4) Treat semiconductor and packaging visibility as mission assurance
Risk management needs to include:
- provenance tracking for high-end accelerators,
- trusted hardware pathways for classified networks,
- contingency suppliers for networking, power, and cooling components,
- and clear red lines for counterfeit and tampered hardware.
This is where commercial best practices (supply-chain security, component attestation) meet national security realities.
Snippet worth remembering: If your AI strategy doesn’t include a chip strategy, you don’t have an AI strategy—you have a prototype.

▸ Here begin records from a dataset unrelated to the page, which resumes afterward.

Definition lower_mdim_M d phi : \bar R :=
  limf_einf (fun eps : R => (span_rate d phi eps * (ln (1 / eps))^-1%:E)%E) 0^'+.

End FlowDefs.

From HB Require Import structures.
From mathcomp Require Import all_boot all_order all_algebra.
From mathcomp Require Import all_classical all_reals all_analysis.
From mathcomp Require Import ring lra.
Import Order.TTheory GRing.Theory Num.Theory.
Import numFieldNormedType.Exports.
Local Open Scope classical_set_scope.
Local Open Scope ring_scope.

(* The counting numbers satisfy r_t(eps) <= s_t(eps) <= #(d_t, eps) <= r_t(eps/3),
   and #(d_t, eps) is submultiplicative and nondecreasing in t, so by Fekete's
   lemma (1/t) log #(d_t, eps) converges.  Hence the three growth rates satisfy
   r(eps) <= s(eps) <= c(eps) <= r(eps/3).  After division by log(1/eps), the
   rescaling eps -> eps/3 only costs the factor log(3/eps)/log(1/eps) -> 1, so the
   three normalised rates have the same limsup and the same liminf as eps -> 0. *)

Section limf_esup_einf.
Context {T : choiceType} {X : filteredType T} {R : realType}.
Implicit Types (f g : X -> \bar R) (F : set_system X).
Local Open Scope ereal_scope.

Lemma le_limf_esup F f g : Filter F ->
  (\forall x \near F, f x <= g x) -> limf_esup f F <= limf_esup g F.
Proof.
move=> FF fg; rewrite !limf_esupE; apply: le_ereal_inf_tmp => _ [V FV <-].
pose W := V `&` [set x | f x <= g x].
apply: (@le_trans _ _ (ereal_sup (f @` W))).
  by apply: ereal_inf_lbound; exists W => //; apply: filterI.
apply: ge_ereal_sup => _ [x [Vx fgx] <-].
by apply: le_trans fgx _; apply: ereal_sup_ubound; exists x.
Qed.

Lemma le_limf_einf F f g : Filter F ->
  (\forall x \near F, f x <= g x) -> limf_einf f F <= limf_einf g F.
Proof.
move=> FF fg; rewrite /limf_einf leeN2; apply: le_limf_esup.
by apply: filterS fg => x; rewrite /= leeN2.
Qed.

Lemma limf_esupZl F f (k : R) : (0 < k)%R ->
  limf_esup (fun x => k%:E * f x) F = k%:E * limf_esup f F.
Proof.
move=> k0; rewrite !limf_esupE -ereal_inf_pZl //; congr ereal_inf.
rewrite [RHS]image_comp; apply: eq_imagel => V _ /=.
by rewrite -ereal_sup_pZl // image_comp.
Qed.

Lemma limf_einfZl F f (k : R) : (0 < k)%R ->
  limf_einf (fun x => k%:E * f x) F = k%:E * limf_einf f F.
Proof.
move=> k0; rewrite /limf_einf muleN -limf_esupZl //.
by congr (- limf_esup _ _); apply: funext => x /=; rewrite muleN.
Qed.

Lemma limf_esup_cvg {F} {FF : ProperFilter F} {f : X -> R} {l : R} :
  f @ F --> l -> limf_esup (fun x => (f x)%:E) F = l%:E.
Proof.
move=> fl; apply/eqP; rewrite eq_le; apply/andP; split.
- apply/lee_addgt0Pr => e e0; rewrite limf_esupE.
  pose V := [set x | `|l - f x| < e]%R.
  apply: (@le_trans _ _ (ereal_sup ((fun x => (f x)%:E) @` V))).
    by apply: ereal_inf_lbound; exists V => //; apply: cvgr_dist_lt.
  apply: ge_ereal_sup => _ [x /= lx <-]; rewrite -EFinD lee_fin.
  by move: lx; rewrite /V /= distrC ltr_distl addrC => /andP[_ /ltW].
- rewrite limf_esupE; apply: le_ereal_inf_tmp => _ [V FV <-].
  apply/lee_addgt0Pr => e e0.
  have [x [Vx lx]] := filter_ex (filterI FV (cvgr_dist_lt _ _ fl _ e0)).
  apply: (@le_trans _ _ ((f x)%:E + e%:E)).
    by rewrite -EFinD lee_fin; move: lx; rewrite ltr_distl => /andP[_ /ltW].
  by rewrite leeD2r //; apply: ereal_sup_ubound; exists x.
Qed.

End limf_esup_einf.

Lemma limf_esup_comp (T U : choiceType) (X : filteredType T)
    (Y : filteredType U) (R : realType) (g : Y -> \bar R) (h : X -> Y)
    (F : set_system X) :
  Filter F -> limf_esup (g \o h) F = limf_esup g (h @ F).
Proof.
move=> FF; apply/eqP; rewrite eq_le !limf_esupE; apply/andP; split.
- apply: le_ereal_inf_tmp => _ [V FV <-].
  apply: (@le_trans _ _ (ereal_sup ((g \o h) @` (h @^-1` V)))).
    by apply: ereal_inf_lbound; exists (h @^-1` V).
  by apply: ge_ereal_sup => _ [x Vx <-]; apply: ereal_sup_ubound; exists (h x).
- apply: le_ereal_inf_tmp => _ [V FV <-].
  have FhV : F (h @^-1` (h @` V)) by apply: filterS FV => x Vx; exists x.
  by apply: ereal_inf_lbound; exists (h @` V); last rewrite image_comp.
Qed.

Lemma lee_mul1D (R : realType) (x y : \bar R) :
  (forall eta : R, 0 < eta -> (x <= (1 + eta)%:E * y)%E) -> (x <= y)%E.
Proof.
case: y => [r| |] xy; last 2 first.
- by rewrite leey.
- by have := xy 1 ltr01; rewrite gt0_muleNy // lte_fin addr_gt0.
have [r0|r0] := leP r 0.
  apply: le_trans (xy 1 ltr01) _.
  by rewrite -EFinM lee_fin mulrDl mul1r gerDl.
apply/lee_addgt0Pr => e e0; apply: le_trans (xy (e / r) (divr_gt0 e0 r0)) _.
by rewrite -EFinM -EFinD lee_fin mulrDl mul1r divfK ?gt_eqF.
Qed.

Section at_right0_scale.
Context {R : realType}.

Lemma near_at_right0P (P : R -> Prop) : (\forall e \near 0^'+, P e) <->
  exists2 del : R, 0 < del & forall e, 0 < e < del -> P e.
Proof.
split.
- move=> /nbhs_ballP [del /= del0 Pdel]; exists del => // e /andP[e0 edel].
  by apply: Pdel => //; rewrite /ball /= sub0r normrN gtr0_norm.
- move=> [del del0 Pdel]; apply/nbhs_ballP; exists del => //= e.
  rewrite /ball /= sub0r normrN => edel e0; apply: Pdel.
  by rewrite e0 -(gtr0_norm e0).
Qed.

What this means for deterrence in the Taiwan Strait
Answer first: AI intensifies deterrence requirements by raising the value of chip access, increasing ISR processing tempo, and rewarding the side that can sustain compute under disruption.
Deterrence used to focus on ships, missiles, and aircraft in the right places. That’s still true. But the AI era adds new pillars:
- Compute endurance: Can you keep models running during sanctions, blockades, or supply shocks?
- ISR throughput: Can you process more of the battlespace faster than your opponent?
- Industrial adaptability: Can you surge production and sustainment with AI-assisted logistics and manufacturing?
As we head into 2026, I expect serious defense organizations to separate themselves not by who demos the flashiest agent, but by who can:
- field reliable AI-enabled ISR at scale,
- maintain trusted compute stacks,
- and operate effectively when advanced chips are constrained.
If you’re building or buying AI for defense and national security, the Taiwan lesson is blunt: geopolitics is now part of your system architecture. What are you doing today to make sure your AI capabilities survive tomorrow’s supply chain shock?